Упомянутые авторы работают в разных жанрах — от документальной прозы до поэтического афоризма, от семейной саги до философской повести. Но их объединяет внимание к тем, кого большая литература часто оставляет за кадром: к старикам, к изгоям, к жертвам катастроф, к тем, чья жизнь не укладывается в героические нарративы.
Роман Алины Бронски продолжает эту традицию, добавляя к ней свой, особенный голос — голос человека, который говорит о России из Германии, но говорит без отчуждения и без ностальгии. «Последняя любовь бабы Дуни» оказывается в одном ряду с лучшими образцами современной прозы о человеке на краю — географическом, экзистенциальном, возрастном. И в этом ряду она звучит не подражанием, а самостоятельной, уверенной нотой.

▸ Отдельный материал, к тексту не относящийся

Lemma beta_p_spec : exists2 P, locating e P & #|P| = beta_p e.
Proof.
have singletons : locating e (preim_partition id [set: T]).
  by apply: locating_preim => u v uv uv'; rewrite uv' eqxx in uv.
have has_k : has (fun k => [exists P, locating e P && (#|P| == k)]) (iota 0 #|T|.+1).
  apply/hasP; exists #|preim_partition id [set: T]|.
    by rewrite mem_iota ltnS card_locating.
  by apply/existsP; exists (preim_partition id [set: T]); rewrite singletons eqxx.
have beta_lt : beta_p e < #|T|.+1.
  by rewrite -[X in _ < X](size_iota 0) -has_find.
have := nth_find 0 has_k; rewrite -/(beta_p e) nth_iota // add0n.
by case/existsP => P /andP[locP /eqP cardP]; exists P.
Qed.

Lemma card_twins_le_beta_p (W : {set T}) : {in W &, forall u v, twins e u v} ->
  #|W| <= beta_p e.
Proof. by move=> twW; have [P locP <-] := beta_p_spec; exact: card_twins_le_locating. Qed.

Lemma beta_p_le_pred a b w : a != b -> w \notin [:: a; b] -> e a w != e b w ->
  beta_p e <= #|T| - 1.
Proof.
move=> ab; rewrite !inE negb_or => /andP[wa wb] eabw.
have locP : locating e (preim_partition (identify a b) [set: T]).
  apply: locating_preim => u v uv /(identify_fiber uv) uv_ab.
  exists w; first by move=> y; rewrite [identify a b w]identify_fixed //; exact: identify_eq.
  by case/orP: uv_ab => /andP[/eqP-> /eqP->]; rewrite // eq_sym.
apply: leq_trans (beta_p_le locP) _; apply: leq_trans (card_preim_partition _) _.
rewrite subn1 -(cardsC1 b); apply: subset_leq_card; apply/subsetP => _ /imsetP[x _ ->].
by rewrite !inE identify_neqb.
Qed.

Lemma beta_p_le_subn2 a b c d w1 w2 : uniq [:: a; b; c; d] ->
  w1 \notin [:: a; b; c; d] -> w2 \notin [:: a; b; c; d] ->
  e a w1 != e b w1 -> e c w2 != e d w2 -> beta_p e <= #|T| - 2.
Proof.
rewrite /= !inE !negb_or -!andbA => /and5P[ab ac ad bc /and3P[bd cd _]].
move=> /and4P[w1a w1b w1c w1d] /and4P[w2a w2b w2c w2d] eabw1 ecdw2.
set f := identify a b \o identify c d.
have single w : w != a -> w != b -> w != c -> w != d -> forall y, f y = f w -> y = w.
  move=> wa wb wc wd y; rewrite /f /= [identify c d w]identify_fixed //.
  rewrite [identify a b w]identify_fixed //.
  by move/identify_eq => /(_ wa)/identify_eq; apply.
have locP : locating e (preim_partition f [set: T]).
  apply: locating_preim => u v uv fuv.
  have [cd_uv | cd_uv] := eqVneq (identify c d u) (identify c d v).
    exists w2; first exact: single.
    by case/orP: (identify_fiber uv cd_uv) => /andP[/eqP-> /eqP->]; rewrite // eq_sym.
  exists w1; first exact: single.
  case/orP: (identify_fiber cd_uv fuv) => /andP[/eqP/identify_eq uE /eqP/identify_eq vE].
    by rewrite uE // vE.
  by rewrite uE // vE // eq_sym.
apply: leq_trans (beta_p_le locP) _; apply: leq_trans (card_preim_partition _) _.
have /subset_leq_card : f @: [set: T] \subset ~: [set b; d].
  apply/subsetP => _ /imsetP[x _ ->]; rewrite !inE negb_or /f /=.
  by rewrite identify_neqb // identify_neq // identify_neqb.
by rewrite cardsC2.
Qed.

End Locating.

Lemma twin_clique_tau (T : finType) (e : rel T) (W X : {set T}) :
  4 < #|T| -> tau_set e W -> #|X| = #|T| - 2 ->
  {in X &, forall u v, twins e u v} -> {in X &, forall u v, u != v -> e u v} ->
  (forall w u, w \notin X -> u \in X -> ~~ twins e w u) ->
  twin_number e = #|T| - 2 /\ induces_complete e W.
Proof.
move=> card_T [twW cardW] cardX twX cliqueX sepX.
have [x0 x0X] : exists x0, x0 \in X by apply/card_gt0P; rewrite cardX; lia.
have tau_ge : #|X| <= twin_number e.
  by apply: (twin_number_ge x0X) => v vX; exact: twX.
have WX : W \subset X.
  apply/subsetP => w wW; apply: contraT => wX.
  have /card_gt0P[u /setIP[uW uX]] : 0 < #|W :&: X|.
    have : #|W :|: X| <= #|T| by exact: max_card.
    by have := cardsUI W X; lia.
  by have := sepX w u wX uX; rewrite twW.
have := subset_leq_card WX; split; first lia.
by move=> u v uW vW; apply: cliqueX; apply: (subsetP WX).
Qed.

Section SimpleGraph.
Variables (T : finType) (e : rel T).
Hypotheses (e_sym : symmetric e) (e_irr : irreflexive e) (e_conn : graph_connected e).

Lemma edge_neq x y : e x y -> x != y.
Proof. by apply: contraTneq => ->; rewrite e_irr. Qed.

Lemma exists_edge_out (A : {set T}) x y : x \in A -> y \notin A ->
  exists u v, [/\ u \in A, v \notin A & e u v].
Proof.
move=> xA yA; case: (boolP [exists u, exists v, [&& u \in A, v \notin A & e u v]]).
  by case/existsP => u /existsP[v /and3P[uA vA euv]]; exists u, v.
move=> /existsPn no_out; have A_closed : closed e A.
  have stay u v : e u v -> u \in A -> v \in A.
    move=> euv uA; apply: contraT => vA.
    by move/existsPn: (no_out u) => /(_ v); rewrite uA vA euv.
  by move=> u v euv; apply/idP/idP; apply: stay; rewrite // e_sym.
by move: yA; rewrite -(closed_connect A_closed (e_conn x y)) xA.
Qed.

Lemma beta_p_le_pred_of_twin_number : twin_number e < #|T| -> beta_p e <= #|T| - 1.
Proof.
move=> /(twin_number_lt_card e_irr)[x [z [xz nexz]]].
have zA : z \notin x |: nbhd e x by rewrite !inE negb_or eq_sym xz.
have [u [v [uA vA euv]]] := exists_edge_out (setU11 x _) zA.
move: vA; rewrite !inE negb_or => /andP[vx nexv].
have exu : e x u.
  by case/setU1P: uA euv => [-> exv | ]; [rewrite exv in nexv | rewrite inE].
apply: (@beta_p_le_pred _ _ x u v (edge_neq exu)).
  by rewrite !inE negb_or vx eq_sym edge_neq.
by rewrite (negbTE nexv) euv.
Qed.

Lemma twin_clique_lt_beta_p (W : {set T}) : {in W &, forall u v, twins e u v} ->
  {in W &, forall u v, u != v -> e u v} -> 0 < #|W| < #|T| -> #|W| < beta_p e.
Proof.
move=> twW cliqueW /andP[/card_gt0P[w0 w0W] W_small].
have [y] : exists y, y \notin enum W by apply: exists_notin; rewrite -cardE.
rewrite mem_enum => yW; have [u [x [uW xW eux]]] := exists_edge_out w0W yW.
have x_nbr := twins_common_nbr twW xW uW eux.
have [P locP <-] := beta_p_spec e.
rewrite ltn_neqAle (card_twins_le_locating locP twW) andbT; apply/eqP => cardWP.
have [/and3P[/eqP coverP trivP _] _] := andP locP.
have pblock_inj := locating_twins_pblock locP twW.
have in_pblock z : z \in pblock P z by rewrite mem_pblock coverP inE.
(* Equality of cardinalities makes each block contain exactly one vertex of W. *)
have imageW : pblock P @: W = P.
  apply/eqP; rewrite eqEcard card_in_imset // cardWP leqnn andbT.
  by apply/subsetP => _ /imsetP[w _ ->]; apply: pblock_mem; rewrite coverP inE.
have : pblock P x \in pblock P @: W by rewrite imageW pblock_mem // coverP inE.
case/imsetP => w1 w1W x_w1.
have xw1 : x != w1 by apply: contraNneq xW => ->.
have [S] := locatingP locP xw1; rewrite -imageW => /imsetP[w wW ->].
apply/negP; rewrite negbK; apply/eqP.
have [ww1 | ww1] := eqVneq w w1.
  subst w1; have xw : x \in pblock P w by rewrite -x_w1.
  by rewrite !dist_set_in ?in_pblock.
have w1_out : w1 \notin pblock P w.
  by apply: contra ww1 => /(same_pblock trivP)/(pblock_inj _ _ w1W wW) ->.
have x_out : x \notin pblock P w.
  apply: contra ww1 => /(same_pblock trivP).
  by rewrite x_w1 => /(pblock_inj _ _ w1W wW) ->.
have exw : e x w by rewrite e_sym x_nbr.
have ew1w : e w1 w by rewrite cliqueW // eq_sym.
by rewrite (dist_set_edge x_out (in_pblock w) exw) (dist_set_edge w1_out _ ew1w).
Qed.

Lemma has_nbr x : 1 < #|T| -> exists y, e x y.
Proof.
move=> card_T; have [y] : exists y, y \notin [:: x] by exact: exists_notin.
rewrite inE => /negPf yx; have {}yx : y \notin [set x] by rewrite inE yx.
by have [u [v [/set1P-> _ exv]]] := exists_edge_out (set11 x) yx; exists v.
Qed.

Section LargeBeta.
Hypotheses (card_T : 5 < #|T|) (beta_large : #|T| - 1 <= beta_p e).

Lemma not_two_separated_pairs a b c d w1 w2 : uniq [:: a; b; c; d] ->
  w1 \notin [:: a; b; c; d] -> w2 \notin [:: a; b; c; d] ->
  e a w1 != e b w1 -> e c w2 != e d w2 -> False.
Proof. by move=> abcd w1_out w2_out /(beta_p_le_subn2 abcd w1_out w2_out) /[apply]; lia. Qed.

Lemma not_two_nbrs_two_non_nbrs z x1 x2 y1 y2 : x1 != x2 -> e z x1 -> e z x2 ->
  y1 != y2 -> y1 != z -> y2 != z -> ~~ e z y1 -> ~~ e z y2 -> False.
Proof.
move=> x12 zx1 zx2 y12 y1z y2z zy1 zy2.
have xy x y : e z x -> ~~ e z y -> x != y by move=> zx zy; apply: contraNneq zy => <-.
have z_out : z \notin [:: x1; y1; x2; y2].
  by rewrite !inE !negb_or (edge_neq zx1) (edge_neq zx2) ![z == _]eq_sym y1z y2z.
apply: (@not_two_separated_pairs x1 y1 x2 y2 z z) => //.
- rewrite /= !inE !negb_or x12 y12 (xy x1 y1) // (xy x1 y2) // (xy x2 y2) //.
  by rewrite [y1 == x2]eq_sym (xy x2 y1).
- by rewrite !(e_sym _ z) zx1 (negbTE zy1).
by rewrite !(e_sym _ z) zx2 (negbTE zy2).
Qed.

Lemma eq_nbrs z x1 x2 y1 y2 : x1 != x2 -> x1 != z -> x2 != z ->
  ~~ e z x1 -> ~~ e z x2 -> e z y1 -> e z y2 -> y1 = y2.
Proof.
move=> x12 x1z x2z zx1 zx2 zy1 zy2; apply/eqP; apply: contraT => y12.
by case: (not_two_nbrs_two_non_nbrs y12 zy1 zy2 x12 x1z x2z zx1 zx2).
Qed.

Lemma eq_non_nbrs z x1 x2 y1 y2 : x1 != x2 -> e z x1 -> e z x2 ->
  y1 != z -> y2 != z -> ~~ e z y1 -> ~~ e z y2 -> y1 = y2.
Proof.
move=> x12 zx1 zx2 y1z y2z zy1 zy2; apply/eqP; apply: contraT => y12.
by case: (not_two_nbrs_two_non_nbrs x12 zx1 zx2 y12 y1z y2z zy1 zy2).
Qed.

Section Leaf.
Variables l h : T.
Hypotheses (l_leaf : forall y, e l y -> y = h) (elh : e l h).

Lemma leaf_non_nbr y : y != h -> ~~ e y l.
Proof. by move=> yh; apply: contraNN yh => eyl; apply/eqP/l_leaf; rewrite e_sym. Qed.

Lemma leaf_nbr_dominating z : z != h -> e h z.
Proof.
have lh := edge_neq elh; have ehl : e h l by rewrite e_sym.
have [m ml ehm] : exists2 m, m != l & e h m.
  have [y] : exists y, y \notin [:: l; h] by apply: exists_notin; apply: leq_trans card_T.
  rewrite !inE => y_out; have {}y_out : y \notin [set l; h] by rewrite !inE.
  have [u [v [uA vA euv]]] := exists_edge_out (setU11 l [set h]) y_out.
  exists v; first by apply: contraNneq vA => ->; rewrite !inE eqxx.
  by case/set2P: uA euv => -> // /l_leaf vh; rewrite vh !inE eqxx orbT in vA.
have h_non_nbr x y : x != h -> ~~ e h x -> y != h -> ~~ e h y -> x = y.
  by move=> xh nehx yh nehy; apply: (eq_non_nbrs _ ehl ehm) => //; rewrite eq_sym.
move=> zh; apply: contraT => nehz.
have [g ezg] : exists g, e z g by apply: has_nbr; lia.
have z_leaf y : e z y -> y = g.
  move=> ezy; apply: (eq_nbrs lh _ _ (leaf_non_nbr zh) _ ezy ezg).
  - by apply: contraNneq nehz => <-.
  - by rewrite eq_sym.
  - by rewrite e_sym.
have gh : g != h by apply: contraTneq ezg => ->; rewrite e_sym.
have gl : g != l by apply: contraTneq ezg => ->; exact: leaf_non_nbr zh.
have ehg : e h g.
  by apply: contraT => nehg; move: ezg; rewrite -(h_non_nbr g z) ?e_irr.
have g_non_nbr x y : x != g -> y != g -> ~~ e g x -> ~~ e g y -> x = y.
  by apply: (eq_non_nbrs zh); rewrite e_sym.
have [y] : exists y, y \notin [:: l; h; z; g] by apply: exists_notin; apply: ltnW.
rewrite !inE !negb_or => /and4P[yl yh yz yg].
have ehy : e h y by apply: contraT => nehy; move: yz; rewrite (h_non_nbr y z) ?eqxx.
have neyz : ~~ e y z by apply: contraNN yg => eyz; rewrite (z_leaf y) // e_sym.
have neyg : ~~ e y g.
  apply: contraNN gh => eyg; apply/eqP.
  apply: (eq_nbrs _ _ _ (leaf_non_nbr yh) neyz eyg); last by rewrite e_sym.
  - by apply: contraNneq nehz => <-.
  - by rewrite eq_sym.
  - by rewrite eq_sym.
have negl : ~~ e g l by exact: leaf_non_nbr gh.
by move: yl; rewrite (g_non_nbr l y) ?eqxx //; [rewrite eq_sym | rewrite e_sym].
Qed.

Завершая разговор о романе, нельзя не задаться, пожалуй, самым важным вопросом: насколько персонаж бабы Дуни актуален сегодня? Не превращается ли эта восьмидесятидвухлетняя старуха, добровольно живущая в зоне отчуждения, в литературный анахронизм – памятник ушедшему типу человека, которого больше не существует и который ничему не может научить нас, обитателей цифрового мира?
Ответ, как ни парадоксально, прямо противоположный. Баба Дуня не просто не устарела — она сегодня нужнее, чем когда-либо. И вот почему.
Современный мир – мир бесконечных «надо». Надо купить квартиру. Надо сделать ремонт. Надо получить повышение. Надо выглядеть на определенный возраст. Надо, надо, надо. Баба Дуня предлагает альтернативу, которая звучит почти как ересь: а что, если все это не надо? «По большому счету, наша ежедневная рутина — это такая игра. Мы изображаем нормальные человеческие дела… Мы отыгрываем повседневность, как дети с куклами и магазином играют в жизнь». В этом прозрении — радикальное обесценивание всей социальной суеты. Баба Дуня показывает, что можно выйти из игры. Не потому, что ты проиграл, а потому, что правила тебе просто надоели.
Сегодня, когда выгорание стало диагнозом целого поколения, когда психологи фиксируют эпидемию «синдрома отложенной жизни», баба Дуня оказывается не маргиналом, а провидцем. Она живет так, как миллионы людей только мечтают жить — без оглядки на чужие ожидания, без кредитов, без гонки за статусом. Ее выбор – не побег, а обретение.